[Dataset entries]
[Start of section]

(* Let $h=h_{\bar 0}\oplus h_{\bar 1}$, $J$, $P$, $q$ and $\tilde h=Ph$ be as described in the context. Let ${\cal A}_{SSR}$ be the self-dual canonical super commutation relations algebra over $h$ and ${\cal A}_{CSR}$ the canonical super commutation relations algebra over $\tilde h$, both as defined in the context. Then ${\cal A}_{SSR}$ and ${\cal A}_{CSR}$ are $\ast$-isomorphic.
   Context: $h_{\bar 0}$ (boson space) and $h_{\bar 1}$ (fermion space) are complex, infinite-dimensional, separable Hilbert spaces and $h=h_{\bar 0}\oplus h_{\bar 1}$ with scalar product $(\cdot,\cdot)$ (antilinear in the first argument). $P_\alpha$ ($\alpha\in\{\bar 0,\bar 1\}={\bf Z}_2$) is the orthogonal projection onto $h_\alpha$ and $\gamma=P_{\bar 0}-P_{\bar 1}$. A vector $f\in h_\alpha$ is homogeneous of degree $\mathrm{deg}(f)=\alpha$. For homogeneous elements $v,w$ of a ${\bf Z}_2$-graded algebra, $\langle v,w\rangle=\mathrm{deg}(v)\cdot\mathrm{deg}(w)$ and the supercommutator is $[v,w]_s=vw-(-1)^{\langle v,w\rangle}wv$, extended bilinearly. $J$ is an even conjugation on $h$ (antilinear, norm-preserving, $J^2=1$, $J\gamma=\gamma J$). $P$ is an orthogonal projection on $h$ commuting with $\gamma$ and satisfying $JP=(1-P)J$. Put $q=P-\gamma(1-P)$ and $\tilde h=Ph$ (a graded Hilbert space with $\tilde h_\alpha=P_\alpha\tilde h$); $\ast$ on vectors/operators denotes the Hilbert adjoint. ${\cal A}_{SSR}$ is the complex $\ast$-algebra generated by an identity ${\bf 1}$ and symbols $B^\dagger(f),B(f)$, $f\in h$, subject to the relations: $B^\dagger(c_1f_1+c_2f_2)=c_1B^\dagger(f_1)+c_2B^\dagger(f_2)$; $B^\dagger(f)=B(qf)^\ast$; $[B(f_1),B^\dagger(f_2)]_s=(f_1,f_2){\bf 1}$; $B(f)=B^\dagger(qJf)$; with grading $\mathrm{deg}(B^\dagger(f))=\mathrm{deg}(f)$ for homogeneous $f$. ${\cal A}_{CSR}$ is the complex $\ast$-algebra generated by an identity ${\bf 1}$ and symbols $a^\dagger(\tilde f),a(\tilde f)$, $\tilde f\in\tilde h$, subject to: $a^\dagger(c_1\tilde f_1+c_2\tilde f_2)=c_1a^\dagger(\tilde f_1)+c_2a^\dagger(\tilde f_2)$; $a^\dagger(\tilde f)=a(\tilde f)^\ast$; $[a(\tilde f_1),a^\dagger(\tilde f_2)]_s=(\tilde f_1,\tilde f_2){\bf 1}$; $[a(\tilde f_1),a(\tilde f_2)]_s=0$; with $\mathrm{deg}(a^\dagger(\tilde f))=\mathrm{deg}(\tilde f)$ for homogeneous $\tilde f$. *)

From HB Require Import structures.
From mathcomp Require Import all_boot all_order all_algebra.
From mathcomp Require Import reals.
From mathcomp Require Export complex.
Set Implicit Arguments. Unset Strict Implicit. Unset Printing Implicit Defensive.
Import Order.TTheory GRing.Theory Num.Theory.
Local Open Scope ring_scope.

[End of section]

▸ **What is expected**:
The answer must be a single number: the count of lines above that contain "From".

▸ **Solution to this task**:
4